Lemma lin_span_gen t : g t \in lin_span.
Proof. by apply/lin_spanP; exists [:: (1, t)]; rewrite big_seq1 scale1r. Qed.

End Span.

Section SpanQuotient.
Variables (R : pzRingType) (V : lmodType R) (X : Type) (g : X -> V).

Local Notation S := (lin_span g).
Local Notation Q := (Quotient.quot S).

Lemma quot_eqP x y : reflect (x - y \in S) (\pi_Q x == \pi_Q y).
Proof. by rewrite -Quotient.idealrBE; apply: idP. Qed.

Lemma quot_eq0P x : reflect (x \in S) (\pi_Q x == 0).
Proof. by rewrite -pi_zeror; apply: (iffP (quot_eqP _ _)); rewrite subr0. Qed.

Definition quot_scale (k : R) : Q -> Q := lift_op1 Q ( *:%R k).

Lemma pi_scale k : {morph \pi_Q : x / k *: x >-> quot_scale k x}.
Proof.
move=> x; unlock quot_scale; apply/eqP/quot_eqP; rewrite -scalerBr.
by apply: rpredZ; apply/quot_eqP; rewrite reprK.
Qed.
Canonical pi_scale_morph k := PiMorph1 (pi_scale k).

Lemma quot_scaleA a b (q : Q) : quot_scale a (quot_scale b q) = quot_scale (a * b) q.
Proof. by rewrite -[q]reprK !piE scalerA. Qed.

Lemma quot_scale1 : left_id 1 quot_scale.
Proof. by move=> q; rewrite -[q]reprK !piE scale1r. Qed.

Lemma quot_scaleDr : right_distributive quot_scale +%R.
Proof. by move=> a q r; rewrite -[q]reprK -[r]reprK !piE scalerDr. Qed.

Lemma quot_scaleDl (q : Q) : {morph quot_scale^~ q : a b / a + b}.
Proof. by move=> a b; rewrite -[q]reprK !piE scalerDl. Qed.

HB.instance Definition _ := GRing.Zmodule_isLmodule.Build R Q
  quot_scaleA quot_scale1 quot_scaleDr quot_scaleDl.

Lemma pi_quotD x y : \pi_Q (x + y) = \pi_Q x + \pi_Q y.
Proof. exact: Quotient.pi_add. Qed.

Lemma pi_quotZ k x : \pi_Q (k *: x) = k *: \pi_Q x.
Proof. exact: pi_scale. Qed.

Lemma pi_quot_linear : linear \pi_Q.
Proof. by move=> k x y; rewrite pi_quotD pi_quotZ. Qed.

End SpanQuotient.

Section LinearFun.
Variables (R : pzRingType) (U V : lmodType R) (f : U -> V).
Hypothesis f_lin : linear f.

Lemma lin_fun0 : f 0 = 0.
Proof.
have := f_lin 1 0 0; rewrite !scale1r addr0.
by move/(congr1 (fun v => v - f 0)); rewrite subrr addrK.
Qed.

Lemma lin_funD x y : f (x + y) = f x + f y.
Proof. by have := f_lin 1 x y; rewrite !scale1r. Qed.

Lemma lin_funZ k x : f (k *: x) = k *: f x.
Proof. by have := f_lin k x 0; rewrite !addr0 lin_fun0 addr0. Qed.

Lemma lin_funN x : f (- x) = - f x.
Proof. by rewrite -scaleN1r lin_funZ scaleN1r. Qed.

Lemma lin_funB x y : f (x - y) = f x - f y.
Proof. by rewrite lin_funD lin_funN. Qed.

End LinearFun.

Lemma linear_zero (R : pzRingType) (U V : lmodType R) : linear (fun _ : U => 0 : V).
Proof. by move=> k x y; rewrite scaler0 addr0. Qed.
Arguments linear_zero {R U V}.

Lemma linear_comp (R : pzRingType) (U V W : lmodType R) (f : V -> W) (h : U -> V) :
  linear f -> linear h -> linear (f \o h).
Proof. by move=> f_lin h_lin k x y /=; rewrite (h_lin k) (f_lin k). Qed.

Section ExteriorSquare.
Variables (K : fieldType) (U L : lmodType K) (w : U -> U -> L).
Hypothesis w_ext : is_ext_square w.

Lemma wedge_klinearl b : klinear (w^~ b).
Proof. by case: w_ext => -[]. Qed.

Lemma wedge_klinearr a : klinear (w a).
Proof. by case: w_ext => -[_ []]. Qed.

Lemma wedgeDl a b c : w (a + b) c = w a c + w b c.
Proof. exact: lin_funD (wedge_klinearl c) a b. Qed.

Lemma wedgeDr a b c : w a (b + c) = w a b + w a c.
Proof. exact: lin_funD (wedge_klinearr a) b c. Qed.

Lemma wedgeZl k a b : w (k *: a) b = k *: w a b.
Proof. exact: lin_funZ (wedge_klinearl b) k a. Qed.

Lemma wedgeZr k a b : w a (k *: b) = k *: w a b.
Proof. exact: lin_funZ (wedge_klinearr a) k b. Qed.

Lemma wedgevv a : w a a = 0.
Proof. by case: w_ext => -[_ []]. Qed.

Lemma wedgeC a b : w b a = - w a b.
Proof.
apply/eqP; rewrite -addr_eq0 addrC; apply/eqP.
by have := wedgevv (a + b); rewrite wedgeDl !wedgeDr !wedgevv add0r addr0.
Qed.

Lemma ext_square_lift (M : lmodType K) (f : U -> U -> M) :
  alt_bilinear f -> {g : L -> M | klinear g /\ forall a b, g (w a b) = f a b}.
Proof. by move=> f_alt; apply: cid; case: w_ext => _ /(_ M f f_alt) []. Qed.

Lemma ext_square_ext (M : lmodType K) (g1 g2 : L -> M) :
  klinear g1 -> klinear g2 -> (forall a b, g1 (w a b) = g2 (w a b)) ->
  forall x, g1 x = g2 x.
Proof.
move=> g1_lin g2_lin g12; have g1_alt : alt_bilinear (fun a b => g1 (w a b)).
  split; [|split] => [b k x y | a k x y | a].
  - by rewrite (wedge_klinearl b k) (g1_lin k).
  - by rewrite (wedge_klinearr a k) (g1_lin k).
  - by rewrite wedgevv lin_fun0.
by case: w_ext => _ /(_ M _ g1_alt) [_]; apply.
Qed.

Lemma ext_square_spanned x : x \in lin_span (fun t : U * U => w t.1 t.2).
Proof.
apply/quot_eq0P/eqP.
apply: (ext_square_ext (pi_quot_linear _) linear_zero) => a b.
by apply/eqP/quot_eq0P; apply: (lin_span_gen _ (a, b)).
Qed.

End ExteriorSquare.

Section WedgeAction.
Variables (K : fieldType) (A : comAlgType K) (L : lmodType K) (w : A -> A -> L).
Hypothesis w_ext : is_ext_square w.
Hypothesis two_neq0 : (2%:R : K) != 0.

Definition T0gen_triple (t : A * A * A) : L := T0gen w t.1.1 t.1.2 t.2.
Local Notation T0 := (lin_span T0gen_triple).
Local Notation Q := (Quotient.quot T0).

Lemma in_T0P x : in_T0 w x <-> x \in T0.
Proof. by split=> [?|/lin_spanP //]; apply/lin_spanP. Qed.

Lemma T0gen_in_T0 x y z : T0gen w x y z \in T0.
Proof. exact: (lin_span_gen _ (x, y, z)). Qed.

Lemma half_wedge_alt_bilinear a :
  alt_bilinear (fun b c => 2^-1 *: (w (a * b) c + w b (a * c))).
Proof.
split; [|split] => [c k x y | b k x y | b] /=.
- by rewrite mulrDr -scalerAr !(wedgeDl w_ext) !(wedgeZl w_ext); lmod_ring K.
- by rewrite mulrDr -scalerAr !(wedgeDr w_ext) !(wedgeZr w_ext); lmod_ring K.
- by rewrite [w b _](wedgeC w_ext) addrN scaler0.
Qed.

(* Only modulo T0 is this an action of A: see [wactA_T0]. *)
Definition wact (a : A) : L -> L :=
  sval (ext_square_lift w_ext (half_wedge_alt_bilinear a)).

Lemma wact_klinear a : klinear (wact a).
Proof. exact: (proj1 (svalP (ext_square_lift _ _))). Qed.

Lemma wactE a b c : wact a (w b c) = 2^-1 *: (w (a * b) c + w b (a * c)).
Proof. exact: (proj2 (svalP (ext_square_lift _ _))). Qed.

Lemma wactD a b x : wact (a + b) x = wact a x + wact b x.
Proof.
apply: (ext_square_ext w_ext (g2 := fun x => wact a x + wact b x)) => [|k y z|c e].
- exact: wact_klinear.
- by rewrite !(wact_klinear _ k); lmod_ring K.
by rewrite !wactE !mulrDl !(wedgeDl w_ext) !(wedgeDr w_ext); lmod_ring K.
Qed.

Lemma wact1 x : wact 1 x = x.
Proof.
apply: (ext_square_ext w_ext (g2 := id)) => [|//|b c]; first exact: wact_klinear.
by rewrite wactE !mul1r; lmod_ring K.
Qed.

Lemma wact_scalar k x : wact k%:A x = k *: x.
Proof.
apply: (ext_square_ext w_ext (g2 := fun x => k *: x)) => [|l y z|b c].
- exact: wact_klinear.
- by rewrite scalerDr !scalerA mulrC.
by rewrite wactE !mulr_algl (wedgeZl w_ext) (wedgeZr w_ext); lmod_ring K.
Qed.

Lemma wact_T0gen a x y z :
  wact a (T0gen w x y z)
  = 2^-1 *: (T0gen w x (a * y) z + T0gen w x y (a * z) - T0gen w (y * z) a x).
Proof.
have wact_lin := wact_klinear a.
rewrite /T0gen !(lin_funD wact_lin) (lin_funN wact_lin) !wactE !mulr1.
wedge_ring K w (wedgeC w_ext).
Qed.

Lemma wact_T0 a : {in T0, forall x, wact a x \in T0}.
Proof.
have wact_lin := wact_klinear a.
apply: (lin_span_ind (P := fun x => wact a x \in T0)) => [|k [[x y] z] v T0v].
  by rewrite lin_fun0 // rpred0.
rewrite (wact_lin k); apply: rpredD T0v; apply: rpredZ.
rewrite wact_T0gen; apply: rpredZ; apply: rpredB; first apply: rpredD.
all: exact: T0gen_in_T0.
Qed.

Lemma wactA_wedge a b c e :
  wact a (wact b (w c e)) - wact (a * b) (w c e)
  = (2^-1 * 2^-1) *: (T0gen w (a * b) c e + T0gen w a b (c * e)
                        - T0gen w a (b * c) e - T0gen w b (a * c) e).
Proof.
rewrite !wactE (lin_funZ (wact_klinear a)) (lin_funD (wact_klinear a)) !wactE /T0gen.
wedge_ring K w (wedgeC w_ext).
Qed.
####################
**What you should do**
Verbatim output is expected for the lines from the start of the data to the line in which "Lemma quot_scale1 : left_id 1 quot_scale." appears, both included.

**Task response**
Lemma lin_span_gen t : g t \in lin_span.
Proof. by apply/lin_spanP; exists [:: (1, t)]; rewrite big_seq1 scale1r. Qed.

End Span.

Section SpanQuotient.
Variables (R : pzRingType) (V : lmodType R) (X : Type) (g : X -> V).

Local Notation S := (lin_span g).
Local Notation Q := (Quotient.quot S).

Lemma quot_eqP x y : reflect (x - y \in S) (\pi_Q x == \pi_Q y).
Proof. by rewrite -Quotient.idealrBE; apply: idP. Qed.

Lemma quot_eq0P x : reflect (x \in S) (\pi_Q x == 0).
Proof. by rewrite -pi_zeror; apply: (iffP (quot_eqP _ _)); rewrite subr0. Qed.

Definition quot_scale (k : R) : Q -> Q := lift_op1 Q ( *:%R k).

Lemma pi_scale k : {morph \pi_Q : x / k *: x >-> quot_scale k x}.
Proof.
move=> x; unlock quot_scale; apply/eqP/quot_eqP; rewrite -scalerBr.
by apply: rpredZ; apply/quot_eqP; rewrite reprK.
Qed.
Canonical pi_scale_morph k := PiMorph1 (pi_scale k).

Lemma quot_scaleA a b (q : Q) : quot_scale a (quot_scale b q) = quot_scale (a * b) q.
Proof. by rewrite -[q]reprK !piE scalerA. Qed.

Lemma quot_scale1 : left_id 1 quot_scale.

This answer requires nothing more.